Hey Apple, Sell the Damn iPhones!

(2/17/08 Apple Reality Distortion Field)

I just walked 20 blocks in the rain to the flagship Apple Store on 5th Avenue in NY. I wanted to buy the new Aperture 2. I've surrendered a couple of hundred thousand of digital photos to Aperture and the new version promises to be at last usable. The speed of the previous version is excruciating.

As a big Apple fan and stockholder, I was thrilled to see the store packed with customers on a rainy Sunday evening at 11:30 PM. There is a $99 upgrade path to Aperture 2, but not from education/academic versions. So, I'm out of luck, but at least I can save $20 off the retail version as an educator, right?

OF COURSE NOT. "You can't get the Apple academic discount in the Apple store. Why not order the software online and wait for it to arrive?" asked the store employee. I figured that if I walked back to my hotel, I would make up for the price differential and surrendered more money to the Apple Gods.

As I went to pay I noticed customers on either side of me purchasing five iPhones each. "Woo hoo! Perhaps my stock will rebound," I thought to myself.

Not so fast, the clerk swiped the credit card of the customer to my right, read the display and exclaimed, "You've already bought five iPhones! Her arms scooped up the product he was trying to buy with actual money."

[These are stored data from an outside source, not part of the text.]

(* A homomorphism X -> I is the indicator function of a set P of points such that
   [a ⊑ b] and [a ⊆ P] force [b] to meet [P].  If [s ⋢ t], the signed set
   "positive on s, negative on t" is consistent, i.e. no finite part of it is
   refuted by ⊑; by Tukey's lemma it extends to a maximal consistent signed set.
   Maximality together with the cut rule (ι3) gives every point a sign, and
   (ι2) forbids a point carrying both signs, so the positive part is a
   homomorphism separating s from t.  Mapping X into the power of I indexed by all
   homomorphisms is then an embedding. *)
From Stdlib Require Import List Classical ClassicalEpsilon.
From mathcomp Require classical_sets.
Import ListNotations.

Section Tukey.

Variables (T : Type) (C : list T -> Prop).

Definition finitely_consistent (S : T -> Prop) : Prop :=
  forall l, (forall y, In y l -> S y) -> C l.

Lemma finitely_consistent_sub (S S' : T -> Prop) :
  finitely_consistent S -> (forall y, S' y -> S y) -> finitely_consistent S'.
Proof. intros HS sub l Hl. apply HS. intros y Hy. exact (sub y (Hl y Hy)). Qed.

Lemma chain_list_bound (F : (T -> Prop) -> Prop) (B : T -> Prop) :
  classical_sets.total_on F classical_sets.subset ->
  forall l, (forall y, In y l -> (exists2 A, F A & A y) \/ B y) ->
  (forall y, In y l -> B y) \/ exists2 A, F A & forall y, In y l -> A y \/ B y.
Proof.
  intros chain l. induction l as [|z l IH]; intros Hl.
  { left. intros y []. }
  assert (Hl' : forall y, In y l -> (exists2 A, F A & A y) \/ B y)
    by (intros y Hy; apply Hl; now right).
  destruct (IH Hl') as [HB | [A FA HA]];
    destruct (Hl z (or_introl eq_refl)) as [[A' FA' A'z] | Bz].
  - right. exists A'; [exact FA'|]. intros y [<- | Hy]; [now left | right; auto].
  - left. intros y [<- | Hy]; auto.
  - right. destruct (chain A A' FA FA') as [sub | sub].
    + exists A'; [exact FA'|]. intros y [<- | Hy]; [now left|].
      destruct (HA y Hy); [left; apply sub|right]; assumption.
    + exists A; [exact FA|]. intros y [<- | Hy]; [left; apply sub; exact A'z | auto].
  - right. exists A; [exact FA|]. intros y [<- | Hy]; [now right | auto].
Qed.

(* Tukey's lemma, from Zorn's lemma applied to the sets [A] with [A ∪ S0] consistent;
   the shift by [S0] makes the empty chain harmless. *)
Lemma tukey (S0 : T -> Prop) :
  finitely_consistent S0 ->
  exists M : T -> Prop, (forall y, S0 y -> M y) /\ finitely_consistent M /\
    forall y, finitely_consistent (fun z => M z \/ z = y) -> M y.
Proof.
  intros C0.
  destruct (@classical_sets.Zorn_bigcup T
    (fun A => finitely_consistent (fun y => A y \/ S0 y))) as [A [CA maxA]].
  - intros F FC chain l Hl.
    destruct (chain_list_bound F S0 chain l Hl) as [HB | [A FA HA]].
    + exact (C0 l HB).
    + exact (FC A FA l HA).
  - exists (fun y => A y \/ S0 y). split; [now right|]. split; [exact CA|].
    intros y Cy. apply NNPP. intros notM.
    apply (maxA (fun z => A z \/ z = y)).
    + split; [intros z Az; now left|].
      intros sub. apply notM. left. apply sub. now right.
    + apply (finitely_consistent_sub _ _ Cy). intros z [[Az | ->] | S0z]; auto.
Qed.

End Tukey.

Arguments finitely_consistent {T} C S.

Definition indicator {T : Type} (P : T -> Prop) (x : T) : bool :=
  if excluded_middle_informative (P x) then true else false.

Lemma indicator_true {T : Type} (P : T -> Prop) (x : T) : indicator P x = true <-> P x.
Proof.
  unfold indicator. destruct (excluded_middle_informative (P x)); split; try tauto.
  discriminate.
Qed.

Lemma finite_set_of_list {X : Type} (l : list X) : finite_subset (set_of_list l).
Proof. exists l. unfold set_of_list. tauto. Qed.

Lemma finite_singleton {X : Type} (x : X) : finite_subset (singleton x).
Proof. exists [x]. unfold singleton. simpl. intuition. Qed.

Lemma finite_union {X : Type} (A B : X -> Prop) :
  finite_subset A -> finite_subset B -> finite_subset (union A B).
Proof.
  intros [la HA] [lb HB]. exists (la ++ lb). intros x.
  unfold union. rewrite in_app_iff, HA, HB. tauto.
Qed.

Definition side {X : Type} (b : bool) (l : list (bool * X)) : list X :=
  map snd (filter (fun y => Bool.eqb (fst y) b) l).

Definition signed {X : Type} (s t : list X) : list (bool * X) :=
  map (pair true) s ++ map (pair false) t.

Lemma In_side {X : Type} (b : bool) (l : list (bool * X)) (x : X) :
  In x (side b l) <-> In (b, x) l.
Proof.
  unfold side. rewrite in_map_iff. split.
  - intros [[c y] [<- Hy]]. apply filter_In in Hy as [Hy Hc].
    simpl in Hc. apply Bool.eqb_prop in Hc. now subst.
  - intros Hx. exists (b, x). split; [reflexivity|].
    apply filter_In. split; [exact Hx | apply Bool.eqb_reflx].
Qed.

Lemma side_incl {X : Type} (b : bool) (l l' : list (bool * X)) :
  incl l l' -> incl (side b l) (side b l').
Proof. intros sub x Hx. apply In_side. apply sub. now apply In_side. Qed.

Lemma side_app {X : Type} (b : bool) (l l' : list (bool * X)) :
  side b (l ++ l') = side b l ++ side b l'.
Proof. unfold side. now rewrite filter_app, map_app. Qed.

Lemma side_pair {X : Type} (b : bool) (s : list X) : side b (map (pair b) s) = s.
Proof.
  induction s as [|x s IH]; [reflexivity|].
  unfold side in *. destruct b; simpl; f_equal; exact IH.
Qed.

Lemma side_pair_negb {X : Type} (b : bool) (s : list X) :
  side (negb b) (map (pair b) s) = [].
Proof. induction s as [|x s IH]; [|destruct b]; easy. Qed.

Lemma side_signed {X : Type} (s t : list X) :
  side true (signed s t) = s /\ side false (signed s t) = t.
Proof.
  unfold signed. rewrite !side_app, !side_pair.
  rewrite (side_pair_negb true), (side_pair_negb false).
  split; [apply app_nil_r | reflexivity].
Qed.

Section Separation.

Variables (X : Type) (R : (X -> Prop) -> (X -> Prop) -> Prop).
Hypothesis HR : iota_axioms R.

Lemma X_rel_incl (s t s' t' : list X) :
  X_rel R s t -> incl s s' -> incl t t' -> X_rel R s' t'.
Proof.
  destruct HR as (_ & mono & _). intros Hst ss' tt'.
  exact (mono _ _ _ _ (finite_set_of_list s) (finite_set_of_list t)
    (finite_set_of_list s') (finite_set_of_list t') Hst ss' tt').
Qed.

Lemma X_rel_singleton (p q : X) : X_rel R [p] [q] <-> R (singleton p) (singleton q).
Proof.
  destruct HR as (_ & mono & _).
  assert (same : forall x : X, finite_subset (set_of_list [x]) /\
     subset (set_of_list [x]) (singleton x) /\ subset (singleton x) (set_of_list [x])).
  { intros x. split; [apply finite_set_of_list|]. unfold subset, singleton, set_of_list.
    simpl. intuition. }
  destruct (same p) as (fp & p1 & p2), (same q) as (fq & q1 & q2).
  split; intros H.
  - exact (mono _ _ _ _ fp fq (finite_singleton p) (finite_singleton q) H p1 q1).
  - exact (mono _ _ _ _ (finite_singleton p) (finite_singleton q) fp fq H p2 q2).
Qed.

Lemma X_rel_refl (x : X) : X_rel R [x] [x].
Proof. apply X_rel_singleton. destruct HR as (_ & _ & refl & _). now apply refl. Qed.

Lemma X_rel_cut (x : X) (a0 b0 a1 b1 : list X) :
  X_rel R (x :: a0) b0 -> X_rel R a1 (x :: b1) -> X_rel R (a0 ++ a1) (b0 ++ b1).
Proof.
  destruct HR as (_ & mono & _ & cut). intros H0 H1.
  assert (cons_union : forall l, finite_subset (union (set_of_list l) (singleton x)) /\
      subset (set_of_list (x :: l)) (union (set_of_list l) (singleton x))).
  { intros l. split; [apply finite_union; [apply finite_set_of_list | apply finite_singleton]|].
    unfold subset, union, set_of_list, singleton. simpl. intuition. }
  pose proof (@finite_set_of_list X) as fin.
  destruct (cons_union a0) as [fa0 sa0], (cons_union b1) as [fb1 sb1].
  assert (U0 : R (union (set_of_list a0) (singleton x)) (set_of_list b0))
    by exact (mono _ _ _ _ (fin _) (fin _) fa0 (fin _) H0 sa0 (fun _ h => h)).
  assert (U1 : R (set_of_list a1) (union (set_of_list b1) (singleton x)))
    by exact (mono _ _ _ _ (fin _) (fin _) (fin _) fb1 H1 (fun _ h => h) sb1).
  assert (app_union : forall l l' : list X, subset (union (set_of_list l) (set_of_list l'))
                                          (set_of_list (l ++ l'))).
  { intros l l' z. unfold union, set_of_list. rewrite in_app_iff. tauto. }
  exact (mono _ _ _ _ (finite_union _ _ (fin a0) (fin a1))
    (finite_union _ _ (fin b0) (fin b1)) (fin _) (fin _)
    (cut _ _ _ _ x (fin a0) (fin b0) (fin a1) (fin b1) U0 U1)
    (app_union a0 a1) (app_union b0 b1)).
Qed.

Definition refutes (l : list (bool * X)) : Prop := X_rel R (side true l) (side false l).

Definition consistent : (bool * X -> Prop) -> Prop :=
  finitely_consistent (fun l => ~ refutes l).

Lemma refutes_incl (l l' : list (bool * X)) : incl l l' -> refutes l -> refutes l'.
Proof. intros sub H. exact (X_rel_incl _ _ _ _ H (side_incl _ _ _ sub) (side_incl _ _ _ sub)). Qed.

Lemma refutes_extension (M : bool * X -> Prop) (y : bool * X) :
  ~ consistent (fun z => M z \/ z = y) ->
  exists m, (forall z, In z m -> M z) /\ refutes (y :: m).
Proof.
  intros notC. apply NNPP. intros none. apply notC. intros l Hl Hrl.
  pose (eq_dec := fun a b : bool * X => excluded_middle_informative (a = b)).
  apply none. exists (remove eq_dec y l). split.
  - intros z Hz. apply in_remove in Hz as [Hz ne]. now destruct (Hl z Hz).
  - apply (refutes_incl l); [|exact Hrl]. intros z Hz.
    destruct (excluded_middle_informative (z = y)) as [-> | ne]; [now left|].
    right. now apply in_in_remove.
Qed.

Definition is_hom (g : X -> bool) : Prop :=
  forall s t, X_rel R s t -> I_rel (map g s) (map g t).

Definition positive_part (M : bool * X -> Prop) (x : X) : bool := indicator M (true, x).

Lemma positive_part_true (M : bool * X -> Prop) (x : X) :
  positive_part M x = true <-> M (true, x).
Proof. apply indicator_true. Qed.

Section MaximalConsistent.

Variable M : bool * X -> Prop.
Hypothesis consistent_M : consistent M.
Hypothesis maximal_M : forall y, consistent (fun z => M z \/ z = y) -> M y.

Lemma maximal_sign (x : X) : M (true, x) \/ M (false, x).
Proof.
  apply NNPP. intros none.
  destruct (refutes_extension M (true, x)) as [m1 [Hm1 R1]];
    [intros C1; apply none; left; exact (maximal_M _ C1)|].
  destruct (refutes_extension M (false, x)) as [m2 [Hm2 R2]];
    [intros C2; apply none; right; exact (maximal_M _ C2)|].
  apply (consistent_M (m1 ++ m2)).
  - intros z Hz. apply in_app_or in Hz as [Hz | Hz]; auto.
  - unfold refutes. rewrite !side_app. exact (X_rel_cut x _ _ _ _ R1 R2).
Qed.

Lemma consistent_sign_unique (x : X) : M (true, x) -> M (false, x) -> False.
Proof.
  intros Mt Mf. apply (consistent_M [(true, x); (false, x)]).
  - intros z [<- | [<- | []]]; assumption.
  - apply X_rel_refl.
Qed.

Lemma positive_part_hom : is_hom (positive_part M).
Proof.
  intros s t Hst Hs. apply NNPP. intros Ht. apply (consistent_M (signed s t)).
  - unfold signed. intros [b x] Hbx. apply in_app_or in Hbx as [Hbx | Hbx];
      apply in_map_iff in Hbx as [y [Eyx Hy]]; injection Eyx as <- <-.
    + apply positive_part_true, Hs, in_map, Hy.
    + destruct (maximal_sign y) as [My | My]; [|exact My]. exfalso. apply Ht.
      exists (positive_part M y). split; [apply in_map, Hy | now apply positive_part_true].
  - unfold refutes. destruct (side_signed s t) as [-> ->]. exact Hst.
Qed.

End MaximalConsistent.

Lemma separating_hom (s t : list X) :
  ~ X_rel R s t -> exists g, is_hom g /\
    (forall x, In x s -> g x = true) /\ (forall x, In x t -> g x = false).
Proof.
  intros nst.
  destruct (tukey _ (fun l => ~ refutes l) (set_of_list (signed s t))) as (M & S0M & CM & maxM).
  { intros l Hl Hrl. apply nst. pose proof (refutes_incl _ _ Hl Hrl) as H.
    unfold refutes in H. destruct (side_signed s t) as [-> ->] in H. exact H. }
  assert (Ms : forall b x, In (b, x) (signed s t) -> M (b, x)) by (intros; now apply S0M).
  exists (positive_part M). split; [|split].
  - exact (positive_part_hom M CM maxM).
  - intros x Hx. apply positive_part_true, Ms, in_or_app.
    left. exact (in_map (pair true) s x Hx).
  - intros x Hx. destruct (positive_part M x) eqn:E; [exfalso|reflexivity].
    apply positive_part_true in E.
    apply (consistent_sign_unique M CM x E), Ms, in_or_app.
    right. exact (in_map (pair false) t x Hx).
Qed.

Lemma hom_separates_points (p q : X) : p <> q -> exists g, is_hom g /\ g p <> g q.
Proof.
  intros ne.
  assert (not_both : ~ (X_rel R [p] [q] /\ X_rel R [q] [p])).
  { rewrite !X_rel_singleton. destruct HR as (_ & _ & refl & _). now rewrite refl. }
  apply not_and_or in not_both as [npq | nqp].
  - destruct (separating_hom [p] [q] npq) as [g [hg [gp gq]]].
    exists g. split; [exact hg|].
    rewrite (gp p (or_introl eq_refl)), (gq q (or_introl eq_refl)). discriminate.
  - destruct (separating_hom [q] [p] nqp) as [g [hg [gq gp]]].
    exists g. split; [exact hg|].
    rewrite (gp p (or_introl eq_refl)), (gq q (or_introl eq_refl)). discriminate.
Qed.

End Separation.

Lemma not_I_rel_separated {X : Type} (g : X -> bool) (s t : list X) :
  (forall x, In x s -> g x = true) -> (forall x, In x t -> g x = false) ->
  ~ I_rel (map g s) (map g t).
Proof.
  intros gs gt H. destruct H as [y [Hy ey]].
  - intros b Hb. apply in_map_iff in Hb as [x [<- Hx]]. exact (gs x Hx).
  - apply in_map_iff in Hy as [x [<- Hx]]. rewrite (gt x Hx) in ey. discriminate.
Qed.

Theorem mainTheorem7 (X : Type) (R : (X -> Prop) -> (X -> Prop) -> Prop) :
  iota_axioms R -> I_separated (X_rel R).
Proof.
  intros HR.
  exists {g : X -> bool | is_hom X R g}, (fun x g => proj1_sig g x). split.
  - intros p q Hpq. apply NNPP. intros ne.
    destruct (hom_separates_points X R HR p q ne) as [g [hg gpq]].
    exact (gpq (Hpq (exist _ g hg))).
  - intros s t. split.
    + intros Hst [g hg]. exact (hg s t Hst).
    + intros H. apply NNPP. intros nst.
      destruct (separating_hom X R HR s t nst) as [g [hg [gs gt]]].
      exact (not_I_rel_separated g s t gs gt (H (exist _ g hg))).
Qed.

Apparently the Apple Point-of-Sale system is sophisticated enough to detect if someone buys lots of iPhones, but not capable of giving me the academic discount.

Back at my hometown Apple Store I've watched customers turned away for trying to pay cash for an iPhone even when purchasing other items as well. Using legal United States tender is some sort of no-no for iPhone customers!

I realize that people are hacking the iPhone, but do not understand why that is a problem for Apple. Even if they lose the kickback they may receive from AT&T, they still made money on the device.

As an Apple stockholder who lost more 1/3 of value since January, I want Apple to make lots of midnight iPhone sales. I don't care if people are crushing the iPhones and snorting them!

Either should Apple!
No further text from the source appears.